(Saved entries)
########################################

(* Let $U\in\mathbb{R}^{d\times n}$ be a frame, $z\in\mathbb{R}^n_{++}$, $T\subseteq[n]$, and $h:=h^{U,z}_T$. Then for any $1\le\alpha\le\alpha'$, \[\frac{\alpha}{\alpha'}(\alpha'-\alpha)h'(\alpha)\le h(\alpha')-h(\alpha)\le(\alpha'-\alpha)h'(\alpha).\] Equivalently, with the Bregman divergence $D(\beta\mid\alpha):=h'(\alpha)(\beta-\alpha)+h(\alpha)-h(\beta)$, \[0\le D(\alpha'\mid\alpha)\le\Big(\frac{\alpha'}{\alpha}-1\Big)(h(\alpha')-h(\alpha)).\]
   Context: A frame is a full row rank matrix $U\in\mathbb{R}^{d\times n}$; $Z=\mathrm{diag}(z)$; $U_T,Z_T$ restrictions to $T$; $\bar T=[n]\setminus T$. Progress function: $h^{U,z}_T(\alpha):=\mathrm{tr}[\alpha U_TZ_TU_T^{\mathsf T}(U_{\bar T}Z_{\bar T}U_{\bar T}^{\mathsf T}+\alpha U_TZ_TU_T^{\mathsf T})^{-1}]$ for $\alpha>0$. *)

From HB Require Import structures.
From mathcomp Require Import all_boot all_order all_algebra.
From mathcomp Require Import all_classical all_reals all_analysis.
Set Implicit Arguments. Unset Strict Implicit. Unset Printing Implicit Defensive.
Import Order.TTheory GRing.Theory Num.Theory.
Local Open Scope ring_scope.

Definition frame (R : realType) (d n : nat) (U : 'M[R]_(d, n)) : Prop :=
  \rank U = d.

(* The vector z restricted to T (entries outside T set to 0), so that
   U *m diag_mx (restr z T) *m U^T = U_T Z_T U_T^T. *)
Definition restr (R : realType) (n : nat) (z : 'rV[R]_n) (T : {set 'I_n}) : 'rV[R]_n :=
  \row_i (if i \in T then z 0 i else 0).

Definition gram (R : realType) (d n : nat) (U : 'M[R]_(d, n)) (z : 'rV[R]_n)
  (T : {set 'I_n}) : 'M[R]_d :=
  U *m diag_mx (restr z T) *m U^T.

Definition progress (R : realType) (d n : nat) (U : 'M[R]_(d, n)) (z : 'rV[R]_n)
  (T : {set 'I_n}) (a : R) : R :=
  \tr (a *: gram U z T *m invmx (gram U z (~: T) + a *: gram U z T)).

From HB Require Import structures.
From mathcomp Require Import all_boot all_order all_algebra.
From mathcomp Require Import all_classical all_reals all_analysis.
From mathcomp Require Import ring.
Import Order.TTheory GRing.Theory Num.Theory.
Import numFieldNormedType.Exports.
Local Open Scope ring_scope.
Local Open Scope classical_set_scope.

(* Write A := W W^T and B := V V^T for the two weighted Gram matrices, with
   W := U_{~T} Z_{~T}^(1/2) and V := U_T Z_T^(1/2), and X_b := (A + b B)^-1; full row
   rank of U makes A + b B positive definite for b > 0.  Then h b = d - tr (A X_b), and
   the resolvent identity X_a - X_b = (b - a) X_a B X_b gives h b - h a = (b - a) s a b
   with s a b := tr (A X_a B X_b).  Applying it once more,
     s a b = mu + a kappa   and   s a a = mu + b kappa,
   where kappa := tr (A X_a B X_a B X_b) and mu := tr (A X_a B X_a A X_b) are traces of
   congruences L^T X_b L, hence nonnegative.  The two bounds then reduce to
   (b - a)^2 kappa >= 0 and (b - a)^2 mu / b >= 0, and
   |s a b - s a a| = |b - a| kappa <= |b - a| s a a / b shows that h' a = s a a. *)

Section GramForms.
Context {R : realFieldType} {d : nat}.

Lemma gram_qformE m (M : 'M[R]_(d, m)) (v : 'rV[R]_d) :
  (v *m (M *m M^T) *m v^T) 0 0 = \sum_j ((v *m M) 0 j) ^+ 2.
Proof.
rewrite mulmxA -(mulmxA (v *m M)) -trmx_mul !mxE.
by apply: eq_bigr => j _; rewrite !mxE expr2.
Qed.

Lemma gram_qform_ge0 m (M : 'M[R]_(d, m)) (v : 'rV[R]_d) :
  0 <= (v *m (M *m M^T) *m v^T) 0 0.
Proof. by rewrite gram_qformE; apply: sumr_ge0 => j _; apply: sqr_ge0. Qed.

Lemma gram_qform_eq0 m (M : 'M[R]_(d, m)) (v : 'rV[R]_d) :
  (v *m (M *m M^T) *m v^T) 0 0 = 0 -> v *m M = 0.
Proof.
rewrite gram_qformE => /eqP; rewrite psumr_eq0 => [/allP vM0|j _]; last exact: sqr_ge0.
apply/rowP => j; rewrite [RHS]mxE.
by have := vM0 j (mem_index_enum j); rewrite sqrf_eq0 => /eqP.
Qed.

Lemma mxtrace_congr_ge0 m (L : 'M[R]_(d, m)) (Q : 'M[R]_d) :
  (forall v : 'rV[R]_d, 0 <= (v *m Q *m v^T) 0 0) -> 0 <= \tr (L^T *m Q *m L).
Proof.
move=> Q_ge0; apply: sumr_ge0 => i _.
have -> : (L^T *m Q *m L) i i = ((col i L)^T *m Q *m (col i L)^T^T) 0 0.
  rewrite trmxK !mxE; apply: eq_bigr => k _; rewrite !mxE; congr (_ * _).
  by apply: eq_bigr => j _; rewrite !mxE.
exact: Q_ge0.
Qed.

Lemma qformD (v : 'rV[R]_d) (P Q : 'M[R]_d) :
  (v *m (P + Q) *m v^T) 0 0 = (v *m P *m v^T) 0 0 + (v *m Q *m v^T) 0 0.
Proof. by rewrite mulmxDr mulmxDl mxE. Qed.

Lemma qformZ (v : 'rV[R]_d) (b : R) (P : 'M[R]_d) :
  (v *m (b *: P) *m v^T) 0 0 = b * (v *m P *m v^T) 0 0.
Proof. by rewrite -scalemxAr -scalemxAl mxE. Qed.

End GramForms.

Section Pencil.
Context {R : realFieldType} {d n : nat} (W V : 'M[R]_(d, n)).
Hypothesis kerWV : forall v : 'rV[R]_d, v *m W = 0 -> v *m V = 0 -> v = 0.

Local Notation A := (W *m W^T).
Local Notation B := (V *m V^T).

Definition pencil (b : R) := A + b *: B.
Definition ipencil (b : R) := invmx (pencil b).

Lemma pencil_qform_ge0 b (v : 'rV[R]_d) : 0 <= b -> 0 <= (v *m pencil b *m v^T) 0 0.
Proof.
move=> b_ge0; rewrite qformD qformZ.
by rewrite addr_ge0 ?mulr_ge0 ?gram_qform_ge0.
Qed.

Lemma pencil_unit b : 0 < b -> pencil b \in unitmx.
Proof.
move=> b_gt0; rewrite unitmxE unitfE; apply/negP => /det0P [v v_neq0 vN0].
have : (v *m pencil b *m v^T) 0 0 = 0 by rewrite vN0 mul0mx mxE.
rewrite qformD qformZ => /eqP.
rewrite paddr_eq0 ?mulr_ge0 ?gram_qform_ge0 ?ltW // mulf_eq0 (gt_eqF b_gt0) /=.
case/andP => /eqP/gram_qform_eq0 vW0 /eqP/gram_qform_eq0 vV0.
by move: v_neq0; rewrite (kerWV _ vW0 vV0) eqxx.
Qed.

Lemma tr_pencil b : (pencil b)^T = pencil b.
Proof. by rewrite linearD linearZ /= !trmx_mul !trmxK. Qed.

Lemma tr_ipencil b : (ipencil b)^T = ipencil b.
Proof. by rewrite trmx_inv tr_pencil. Qed.

Lemma mul_ipencil b : 0 < b -> ipencil b *m pencil b = 1%:M.
Proof. by move=> b_gt0; rewrite mulVmx ?pencil_unit. Qed.

Lemma mul_pencilV b : 0 < b -> pencil b *m ipencil b = 1%:M.
Proof. by move=> b_gt0; rewrite mulmxV ?pencil_unit. Qed.

Lemma ipencil_qform_ge0 b (v : 'rV[R]_d) : 0 < b -> 0 <= (v *m ipencil b *m v^T) 0 0.
Proof.
move=> b_gt0.
have -> : v *m ipencil b *m v^T = (v *m ipencil b) *m pencil b *m (v *m ipencil b)^T.
  by rewrite trmx_mul tr_ipencil mulmxA -(mulmxA (v *m ipencil b)) mul_pencilV ?mulmx1.
exact/pencil_qform_ge0/ltW.
Qed.

Lemma ipencilB a b : 0 < a -> 0 < b ->
  ipencil a - ipencil b = (b - a) *: (ipencil a *m B *m ipencil b).
Proof.
move=> a_gt0 b_gt0.
rewrite scalemxAl scalemxAr.
have -> : (b - a) *: B = pencil b - pencil a by rewrite opprD addrACA subrr add0r scalerBl.
by rewrite mulmxBr mulmxBl -mulmxA mul_pencilV // mulmx1 mul_ipencil // mul1mx.
Qed.

Lemma ipencil_commB a b : 0 < a -> 0 < b ->
  ipencil a *m B *m ipencil b = ipencil b *m B *m ipencil a.
Proof.
move=> a_gt0 b_gt0; have [->//|a_neq_b] := eqVneq a b.
apply: (scalerI (a := b - a)); first by rewrite subr_eq0 eq_sym.
by rewrite -ipencilB // -opprB ipencilB // -scaleNr opprB.
Qed.

Lemma ipencil_mulA a : 0 < a -> ipencil a *m A = 1%:M - a *: (ipencil a *m B).
Proof. by move=> a_gt0; rewrite -(mul_ipencil _ a_gt0) mulmxDr -scalemxAr addrK. Qed.

Definition hfun (b : R) := \tr (b *: B *m ipencil b).
Definition slope (a b : R) := \tr (A *m ipencil a *m B *m ipencil b).
Definition kappa (a b : R) := \tr (A *m ipencil a *m B *m ipencil a *m B *m ipencil b).
Definition mu (a b : R) := \tr (A *m ipencil a *m B *m ipencil a *m A *m ipencil b).

Lemma hfunE b : 0 < b -> hfun b = \tr (1%:M : 'M[R]_d) - \tr (A *m ipencil b).
Proof.
move=> b_gt0; rewrite /hfun; have -> : b *: B = pencil b - A by rewrite addrAC subrr add0r.
by rewrite mulmxBl mul_pencilV // linearB.
Qed.

Lemma hfunB a b : 0 < a -> 0 < b -> hfun b - hfun a = (b - a) * slope a b.
Proof.
move=> a_gt0 b_gt0; rewrite !hfunE // opprB addrC addrA subrK -linearB /=.
by rewrite -mulmxBr ipencilB // -scalemxAr mxtraceZ /slope !mulmxA.
Qed.

Lemma slopeB a b : 0 < a -> 0 < b -> slope a a - slope a b = (b - a) * kappa a b.
Proof.
move=> a_gt0 b_gt0; rewrite /slope -linearB /= -mulmxBr ipencilB //.
by rewrite -scalemxAr mxtraceZ /kappa !mulmxA.
Qed.

Lemma slope_split {a} b : 0 < a -> slope a b = mu a b + a * kappa a b.
Proof.
move=> a_gt0; rewrite /mu -!(mulmxA _ (ipencil a) A) ipencil_mulA //.
rewrite mulmxBr mulmx1 mulmxBl linearB /= -scalemxAr -scalemxAl mxtraceZ.
by rewrite /slope /kappa !mulmxA subrK.
Qed.

Lemma slope_diag_split {a b} : 0 < a -> 0 < b -> slope a a = mu a b + b * kappa a b.
Proof.
move=> a_gt0 b_gt0; apply/eqP; rewrite -subr_eq0.
by rewrite -(subrK (slope a b) (slope a a)) slopeB // slope_split //; apply/eqP; ring.
Qed.

Lemma kappa_ge0 {a b} : 0 < a -> 0 < b -> 0 <= kappa a b.
Proof.
move=> a_gt0 b_gt0.
have -> : kappa a b = \tr ((B *m ipencil a *m W)^T *m ipencil b *m (B *m ipencil a *m W)).
  rewrite !trmx_mul tr_ipencil !trmxK !mulmxA.
  have -> : kappa a b = \tr (W^T *m ipencil a *m B *m (ipencil b *m B *m ipencil a) *m W).
    by rewrite -ipencil_commB // mxtrace_mulC /kappa !mulmxA.
  by rewrite !mulmxA.
by apply: mxtrace_congr_ge0 => v; apply: ipencil_qform_ge0.
Qed.

Lemma mu_ge0 {a b} : 0 < a -> 0 < b -> 0 <= mu a b.
Proof.
move=> a_gt0 b_gt0.
have -> : mu a b = \tr ((A *m ipencil a *m V)^T *m ipencil b *m (A *m ipencil a *m V)).
  rewrite !trmx_mul tr_ipencil !trmxK.
  have -> : mu a b = \tr ((A *m ipencil a) *m (B *m ipencil a *m A *m ipencil b)).
    by rewrite /mu !mulmxA.
  rewrite mxtrace_mulC.
  have -> : B *m ipencil a *m A *m ipencil b *m (A *m ipencil a) =
     V *m (V^T *m ipencil a *m A *m ipencil b *m A *m ipencil a) by rewrite !mulmxA.
  by rewrite mxtrace_mulC !mulmxA.
by apply: mxtrace_congr_ge0 => v; apply: ipencil_qform_ge0.
Qed.

Lemma hfun_secant_bounds a b : 0 < a -> a <= b ->
  a / b * (b - a) * slope a a <= hfun b - hfun a <= (b - a) * slope a a.
Proof.
move=> a_gt0 le_ab; have b_gt0 : 0 < b := lt_le_trans a_gt0 le_ab.
rewrite hfunB // (slope_split b a_gt0) (slope_diag_split a_gt0 b_gt0).
have k_ge0 := kappa_ge0 a_gt0 b_gt0; have m_ge0 := mu_ge0 a_gt0 b_gt0.
have ba_ge0 : 0 <= b - a by rewrite subr_ge0.
apply/andP; split; rewrite -subr_ge0.
- have -> : (b - a) * (mu a b + a * kappa a b) - a / b * (b - a) * (mu a b + b * kappa a b)
            = (b - a) ^+ 2 * mu a b / b by field; exact: lt0r_neq0 b_gt0.
  by rewrite divr_ge0 ?mulr_ge0 ?sqr_ge0 ?(ltW b_gt0).
- have -> : (b - a) * (mu a b + b * kappa a b) - (b - a) * (mu a b + a * kappa a b)
            = (b - a) ^+ 2 * kappa a b by ring.
  by rewrite mulr_ge0 ?sqr_ge0.
Qed.

Lemma slope_dist {a b} : 0 < a -> 0 < b ->
  `|slope a b - slope a a| <= `|b - a| / b * slope a a.
Proof.
move=> a_gt0 b_gt0.
have -> : slope a b - slope a a = (a - b) * kappa a b by rewrite -opprB slopeB // -mulNr opprB.
rewrite normrM distrC (ger0_norm (kappa_ge0 a_gt0 b_gt0)) -mulrA ler_wpM2l //.
rewrite ler_pdivlMl // (slope_diag_split a_gt0 b_gt0) lerDr.
exact: mu_ge0.
Qed.

End Pencil.

Section PencilDerivative.
Context {R : realType} {d n : nat} {W V : 'M[R]_(d, n)}.
Hypothesis kerWV : forall v : 'rV[R]_d, v *m W = 0 -> v *m V = 0 -> v = 0.

Local Notation h := (hfun W V).
Local Notation slope := (slope W V).

Lemma dnbhs0_addr_gt0 a : 0 < a -> \forall t \near (0 : R)^', 0 < t + a.
Proof.
move=> a_gt0; near=> t.
have : `|t| < a by near: t; exact: dnbhs0_lt.
by rewrite ltr_norml -subr_gt0 opprK addrC => /andP[].
Unshelve. all: by end_near.
Qed.

Lemma slope_cvg {a} : 0 < a -> (fun t : R => slope a (t + a)) @ (0 : R)^' --> slope a a.
Proof.
move=> a_gt0.
have bound_cvg : (fun t : R => `|t| / (t + a) * slope a a) @ (0 : R)^' --> 0.
  have : (fun t : R => `|t| / (t + a) * slope a a) @ (0 : R) --> `|0 : R| / (0 + a) * slope a a.
    apply: cvgMr_tmp; apply: cvgM; first by apply: cvg_norm; exact: cvg_id.
    by apply: cvgV; [rewrite add0r gt_eqF | apply: cvgD; [exact: cvg_id | exact: cvg_cst]].
  by rewrite normr0 !mul0r; exact: cvg_within_filter.
apply/subr_cvg0/norm_cvg0P; apply: squeeze_cvgr bound_cvg; last exact: cvg_cst.
near=> t; rewrite normr_ge0 /=.
have ta_gt0 : 0 < t + a by near: t; exact: dnbhs0_addr_gt0.
by have := slope_dist W V kerWV a_gt0 ta_gt0; rewrite addrK.
Unshelve. all: by end_near.
Qed.

Lemma hfun_derive {a} : 0 < a -> derivable h a 1 /\ derive1 h a = slope a a.
Proof.
move=> a_gt0.
have quotientE : \forall t \near (0 : R)^',
    slope a (t + a) = t^-1 *: ((h \o shift a) (t *: 1) - h a).
  near=> t.
  have t_neq0 : t != 0 by near: t; exact: nbhs_dnbhs_neq.
  have ta_gt0 : 0 < t + a by near: t; exact: dnbhs0_addr_gt0.
  rewrite /= /shift scaler1 (hfunB W V kerWV) // addrK -[t * _]/(t *: _) scalerA.
  by rewrite mulVf // scale1r.
have quotient_cvg : (fun t : R => t^-1 *: ((h \o shift a) (t *: 1) - h a)) @ (0 : R)^'
    --> slope a a by exact: cvg_trans (near_eq_cvg quotientE) (slope_cvg a_gt0).
split; first by apply/cvg_ex; exists (slope a a).
by rewrite derive1E; exact: cvg_lim.
Unshelve. all: by end_near.
Qed.

End PencilDerivative.

Definition sqrt_restr {R : realType} {n : nat} (z : 'rV[R]_n) (S : {set 'I_n}) : 'rV[R]_n :=
  \row_i Num.sqrt (restr z S 0 i).

Section GramFactor.
Context {R : realType} {d n : nat} {U : 'M[R]_(d, n)} {z : 'rV[R]_n}.
Hypothesis z_gt0 : forall i, 0 < z 0 i.

Lemma gram_sqrt_restrE S :
  gram U z S = (U *m diag_mx (sqrt_restr z S)) *m (U *m diag_mx (sqrt_restr z S))^T.
Proof.
rewrite /gram trmx_mul tr_diag_mx -!mulmxA (mulmxA (diag_mx _)) mulmx_diag.
congr (_ *m (diag_mx _ *m _)); apply/rowP => i; rewrite !mxE -expr2 sqr_sqrtr //.
by case: ifP => // _; apply: ltW.
Qed.

Lemma sqrt_restr_ker {v : 'rV[R]_d} {S : {set 'I_n}} {i} : i \in S ->
  v *m (U *m diag_mx (sqrt_restr z S)) = 0 -> (v *m U) 0 i = 0.
Proof.
move=> iS /rowP/(_ i); rewrite mulmxA mul_mx_diag !mxE iS => /eqP.
by rewrite mulf_eq0 sqrtr_eq0 leNgt z_gt0 orbF => /eqP.
Qed.

Lemma frame_sqrt_restr_ker T : frame U -> forall v : 'rV[R]_d,
  v *m (U *m diag_mx (sqrt_restr z (~: T))) = 0 ->
  v *m (U *m diag_mx (sqrt_restr z T)) = 0 -> v = 0.
Proof.
move=> frameU v vTc vT; apply/eqP; rewrite -(mulmx_free_eq0 _ (introT eqP frameU)).
apply/eqP/rowP => i; rewrite [RHS]mxE.
have [iT | iTc] := boolP (i \in T); first exact: sqrt_restr_ker iT vT.
by apply: (sqrt_restr_ker _ vTc); rewrite inE.
Qed.

End GramFactor.

Theorem claim2p18 (R : realType) (d n : nat) (U : 'M[R]_(d, n)) (z : 'rV[R]_n)
  (T : {set 'I_n}) (a a' : R) :
  frame U -> (forall i, 0 < z 0 i) -> 1 <= a -> a <= a' ->
  let h := progress U z T in
  derivable h a 1 /\
  a / a' * (a' - a) * derive1 h a <= h a' - h a /\
  h a' - h a <= (a' - a) * derive1 h a.
Proof.
move=> frameU z_gt0 a_ge1 le_aa' h.
have a_gt0 : 0 < a := lt_le_trans ltr01 a_ge1.
have kerWV := frame_sqrt_restr_ker z_gt0 T frameU.
have -> : h = hfun (U *m diag_mx (sqrt_restr z (~: T))) (U *m diag_mx (sqrt_restr z T)).
  by apply/funext => b; rewrite /h /progress !(gram_sqrt_restrE z_gt0).
have [h_derivable ->] := hfun_derive kerWV a_gt0.
by split=> //; apply/andP; exact: hfun_secant_bounds.
Qed.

########################################

* Task statement *
Scanning the data above, copy out every line where "mathbb" is found.

* Reply *
(* Let $U\in\mathbb{R}^{d\times n}$ be a frame, $z\in\mathbb{R}^n_{++}$, $T\subseteq[n]$, and $h:=h^{U,z}_T$. Then for any $1\le\alpha\le\alpha'$, \[\frac{\alpha}{\alpha'}(\alpha'-\alpha)h'(\alpha)\le h(\alpha')-h(\alpha)\le(\alpha'-\alpha)h'(\alpha).\] Equivalently, with the Bregman divergence $D(\beta\mid\alpha):=h'(\alpha)(\beta-\alpha)+h(\alpha)-h(\beta)$, \[0\le D(\alpha'\mid\alpha)\le\Big(\frac{\alpha'}{\alpha}-1\Big)(h(\alpha')-h(\alpha)).\]
   Context: A frame is a full row rank matrix $U\in\mathbb{R}^{d\times n}$; $Z=\mathrm{diag}(z)$; $U_T,Z_T$ restrictions to $T$; $\bar T=[n]\setminus T$. Progress function: $h^{U,z}_T(\alpha):=\mathrm{tr}[\alpha U_TZ_TU_T^{\mathsf T}(U_{\bar T}Z_{\bar T}U_{\bar T}^{\mathsf T}+\alpha U_TZ_TU_T^{\mathsf T})^{-1}]$ for $\alpha>0$. *)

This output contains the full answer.